Werken zonder piano of enige andere begeleiding namen de zangers het dak van de kerk. Iedereen zong, iedereen huilde, de hele groep zwaaide naar het slotlied, "We Shall Overcome", en mensen bleven na middernacht door en wilden nooit meer weggaan. Het was een van de grote momenten in de Amerikaanse strijd voor raciale gerechtigheid.
Haar werk in de beweging was ook een bepalende periode in de carrière van Bernice Johnson Reagon, die uiteindelijk haar plannen voor een carrière in klassieke muziek verliet om te werken met een groep genaamd de Freedom Singers, opgericht door Cordell Reagon, met wie ze later trouwde. Ze streefde tegelijkertijd naar een solocarrière en maakte haar eerste solo-opname op 19-jarige leeftijd.
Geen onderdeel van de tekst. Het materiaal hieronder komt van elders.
(* For all integers $0\le s\le r$, $$\sum_{\rho=s}^{r}\mathcal G^r_\rho\,a^{(2\rho)}_s=(2r)!\binom rs,\qquad \sum_{\rho=s}^{r}\mathcal G^r_\rho\,a^{(2\rho+1)}_s=(2r+1)!\binom rs .$$
   Context: The integers $\mathcal G^r_\rho$ ($0\le\rho\le r$) are defined by $\mathcal G^0_0=1$, $\mathcal G^r_{-1}=\mathcal G^r_{r+1}=0$, and $\mathcal G^r_\rho=(2r-1)^2\mathcal G^{r-1}_\rho+\mathcal G^{r-1}_{\rho-1}$ for $r\ge1$. Stern's coefficients $a^{(n)}_k$ are the unique numbers such that, for all integers $\rho\ge0$ and real $x$, $\frac{d^{2\rho}}{dx^{2\rho}}\operatorname{sech}x=(-1)^\rho\operatorname{sech}x\sum_{k=0}^{\rho}(-1)^k a^{(2\rho)}_k\tanh^{2k}x$ and $\frac{d^{2\rho+1}}{dx^{2\rho+1}}\operatorname{sech}x=(-1)^{\rho+1}\operatorname{sech}x\,\tanh x\sum_{k=0}^{\rho}(-1)^k a^{(2\rho+1)}_k\tanh^{2k}x$. *)

From Stdlib Require Import Reals.
Open Scope R_scope.

(* G^0_0 = 1, G^0_rho = 0 otherwise
   (this encodes G^r_{r+1} = 0), and for r >= 1 (written r = S r'):
   G^{r}_rho = (2r-1)^2 G^{r-1}_rho + G^{r-1}_{rho-1}, with G^{r-1}_{-1} = 0. *)
Fixpoint G (r rho : nat) : nat :=
  match r with
  | O => match rho with O => 1%nat | S _ => 0%nat end
  | S r' => match rho with
            | O => ((2 * r' + 1) * (2 * r' + 1) * G r' O)%nat
            | S rho' => ((2 * r' + 1) * (2 * r' + 1) * G r' (S rho') + G r' rho')%nat
            end
  end.

Definition sech (x : R) : R := / cosh x.

Fixpoint nth_deriv (n : nat) (f g : R -> R) : Prop :=
  match n with
  | O => forall x, g x = f x
  | S m => exists h : R -> R, nth_deriv m f h /\ forall x, derivable_pt_lim h x (g x)
  end.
Bernice Reagon ging vervolgens zelf belangrijke muzikale groepen oprichten, waaronder de Harambee Singers in 1966 en de wereldberoemde vrouwen a capella-groep Sweet Honey In The Rock in 1973. Onderweg promoveerde ze op een doctoraat in de Amerikaanse geschiedenis, een voornaam hoogleraarschap bij American University in Washington, DC, de titel van curator emeritus in het National Museum of American History en een 'geniale' beurs van MacArthur.
Terwijl ik met haar in haar kleine, overvolle kantoor aan de universiteit zat, vroeg ik haar of er bij die uitvoering in Albany geen instrumenten waren, alleen de kracht van de menselijke stem.
"Het is grappig, ik dacht nooit dat mijn zang daar openbaar was, " dacht Reagon na. "Ik zong in mijn middelbare schoolkoor, universiteitskoor en het evangelie-koor van mijn kerk. Ik was een alt. En toen zong ik in de bewegingsrally's, in de gevangenis en in de kerk, gewoon door doen. Ik zag het niet als een uitvoering. "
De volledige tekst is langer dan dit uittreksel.